METHODS AND MATERIALS

Population sampling and common garden experiment

Ericameria nauseosa consists of two subspecies (nauseosa and consimilis) that additionally encompass 22 named varieties (Anderson, 1995; Nesom & Baird, 1993). Our study focused on habitats within the western Great Basin that are inhabited primarily by ssp. nauseosa var. hololeuca, with one collection of ssp. nauseosa var. speciosa. While genetic differentiation among subspecies is apparent, varietal classifications within subspecies are largely not reflective of genetic differentiation, especially within the var. speciosa complex (T. M. Faske et al., unpublished data). We bulk‐collected seeds from 17 localities (Figure 1A) in the western Great Basin during the fall of 2017 from a minimum of 50 plants per location. After a survey of sagebrush steppe communities in the region with similar dominant vegetation, these sites were selected for sampling because they hosted multiple native species that could potentially serve as restoration seed sources. Plants face multiple challenges in these cold deserts, including low annual precipitation (215.2–388.4 mm for all sites included here), year‐to‐year variation in precipitation, strong precipitation and temperature seasonality (most precipitation arrives during the coldest months, followed by hot, dry summers), and soils that vary in depth, texture, and salinity (West, 1983). Most of the dominant plant species are perennial (West, 1983), and establishment from seed can be challenging; seedling survival through periods of summer drought is a limiting life history stage for many species, including E. nauseosa (Donovan et al., 1993).

FIGURE 1

Landscape genomic structure strongly mirrors geography. (a) Map of the sampled localities for the 17 E. nauseosa populations. (b) Principal components analysis (PCA) of genotype probabilities illustrates spatial genomic structure. A Procrustes rotation of the first 2 PC axes onto latitude/longitude displays how spatial genetic structure is strongly predicted by geographic proximity. Colors of points in B match those of the population labels in “a” Adult leaf material was sampled from 15 plants per population and dried with silica gel to facilitate DNA extraction. Dried leaf material from each plant was ground into powder form using a Qiagen TissueLyser, and genomic DNA was extracted using Qiagen DNeasy Plant kits (Qiagen). Extracted DNA was quality and quantity screened using a QIAxpert microfluidics electrophoresis device (Qiagen). We planted seeds from each sample locality in field soil in a greenhouse on the University of Nevada, Reno campus (latitude/longitude: 39.538, −119.805; elevation: 1370 m). Filled seeds (endosperm present) were separated from unfilled seeds, as they are visually distinct on a light table. We weighed ten batches of 10 filled seeds per population to calculate an average seed weight per population.

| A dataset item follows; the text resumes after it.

(* Let $(\Delta,R)$ be a gentle quiver with $f_{(\Delta,R)}=m\cdot[0,3]+[p+m+2,\,p]$ for some $m,p\in\mathbb N$, and let $\alpha\in\Delta_1$. Then $\alpha$ is a branch arrow if and only if $\alpha\notin\mathcal C$, and $\alpha$ is a cycle arrow if and only if $\alpha\in\mathcal C$.
   Context: A quiver $\Delta$ has finite vertex set $\Delta_0$, arrow set $\Delta_1$, maps $s,t$. A path of length $n\ge1$ is $(\alpha_1,\dots,\alpha_n)$ with $s\alpha_i=t\alpha_{i+1}$. A gentle quiver is $(\Delta,R)$ with $\Delta$ connected, $R$ a set of paths of length 2, such that: (1) each vertex is start of at most two arrows and end of at most two arrows; (2) for each arrow $\alpha$ at most one $\beta$ with $s\beta=t\alpha$, $(\beta,\alpha)\notin R$ and at most one $\gamma$ with $t\gamma=s\alpha$, $(\alpha,\gamma)\notin R$; (3) for each $\alpha$ at most one $\beta$ with $(\beta,\alpha)\in R$ and at most one $\gamma$ with $(\alpha,\gamma)\in R$; (4) for some $n$ every path of length $n$ has a subpath in $R$. An arrow $\alpha$ of the connected quiver $\Delta$ is a branch arrow if the quiver obtained by deleting $\alpha$ (keeping all vertices) is not connected; otherwise $\alpha$ is a cycle arrow. Invariant: fix $\sigma,\tau:\Delta_1\to\{\pm1\}$ with distinct arrows of same start having opposite $\sigma$, distinct arrows of same end opposite $\tau$, and for $s\alpha=t\beta$: $(\alpha,\beta)\in R$ iff $\sigma\alpha=\tau\beta$; $\sigma\omega=\sigma\alpha_n,\tau\omega=\tau\alpha_1$. Permitted paths: no consecutive pair in $R$, plus trivial $1_{x,\varepsilon}$ ($s=t=x$, $\sigma=\varepsilon,\tau=-\varepsilon$); maximal if no arrow $\alpha$ with $s\alpha=t\omega,\sigma\alpha=-\tau\omega$ and no $\beta$ with $t\beta=s\omega,\tau\beta=-\sigma\omega$; set $\mathcal M$. Antipaths: all consecutive pairs in $R$, plus trivial $1'_{x,\varepsilon}$ ($\sigma=\tau=\varepsilon$); maximal if no $\alpha$ with $s\alpha=t\omega,\sigma\alpha=\tau\omega$ and no $\beta$ with $t\beta=s\omega,\tau\beta=\sigma\omega$; set $\mathcal N$. $\phi:\mathcal M\to\mathcal N$, $\omega\mapsto$ unique $\omega'$ with $t\omega'=t\omega,\tau\omega'=-\tau\omega$; $\psi:\mathcal N\to\mathcal M$, $\omega\mapsto$ unique $\omega'$ with $s\omega'=s\omega,\sigma\omega'=-\sigma\omega$; $\Phi=\phi\psi$; $\Phi$-orbit: $p=|\mathcal O|$, $q=$ total length. $\mathcal C$: set of arrows $\alpha$ such that $(\alpha)$ is not a subpath of a maximal antipath; $\Psi(\alpha)=$ unique $\beta\in\mathcal C$ with $t\beta=s\alpha,\tau\beta=\sigma\alpha$; $\Psi$-orbit: $p=0$, $q=|\mathcal O|$. $f(p,q)=$ number of orbits with these values; $[p,q]$ the characteristic function of $\{(p,q)\}$; sums pointwise. *)

From HB Require Import structures.
From mathcomp Require Import all_boot finmap.
From mathcomp Require Import boolp classical_sets cardinality.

We then planted 100 filled seeds from each site following a randomized block design in the fall of 2018. Seeds were monitored daily for emergence, and seedlings were harvested 40 days after emergence, using methods previously developed for describing seedling traits, which are important predictors of success in restoration scenarios (e.g., Leger et al., 2020; Rowe & Leger, 2011). We separated seedlings into roots and shoots before drying and weighing. Samples were scanned and analyzed using WinRhizo imaging software (Regents Instruments). From these images, we measured the root length, root area, root and shoot mass, root mass ratio (root mass/total plant mass), and specific root length (length/mass). A descriptive summary of the full phenotypic data set is available in Table S1 and Appendix S2. We generated genetic data from adult plants at each of the 17 sampling localities, while phenotypic data from the greenhouse common garden included only 14 of these localities where collected seeds were viable.

Reduced representation sequencing and variant calling

Reduced representation libraries were prepared using a double‐digest restriction‐site associated DNA sequencing (ddRADseq) method (Parchman et al., 2012; Peterson et al., 2012). Genomic DNA was digested with two restriction endonucleases, EcoRI and MseI, before uniquely barcoded Illumina adaptors were ligated to digested fragments using T4 DNA ligase. Following PCR amplification of pooled fragment libraries with a proofreading polymerase (Iproof; BioRad), fragments ranging from 350 to 450 base pairs (bp) were size‐selected using a Pippin Prep quantitative electrophoresis unit. Single‐end sequencing (100 bp read lengths) was performed using two lanes on an Illumina HiSeq 2500 platform at the University of Wisconsin‐Madison Biotechnology Center (Madison, WI). After contaminant cleaning and demultiplexing, reads were assembled to a de novo reference with bowtie2 v 2.3.0 (Langmead & Salzberg, 2012), and variants were called using samtools and bcftools v 1.8 (Li et al., 2009). After subsequent filtering with vcftools v 0.1.15 (Danecek et al., 2011), we retained biallelic single nucleotide polymorphisms (SNPs) with sequencing data for at least 70% of the samples and with minor allele frequency (MAF) >0.05. To guard against genotyping bias stemming from the potential mis‐assembly of paralogous regions, we removed loci with excessive coverage (summed depth across all samples >10000), and those with abnormal heterozygosity (F IS < −0.5 or >0.5). Full methods for contaminant cleaning, assembly, variant calling, and additional filtering steps can be found in the Appendix S1.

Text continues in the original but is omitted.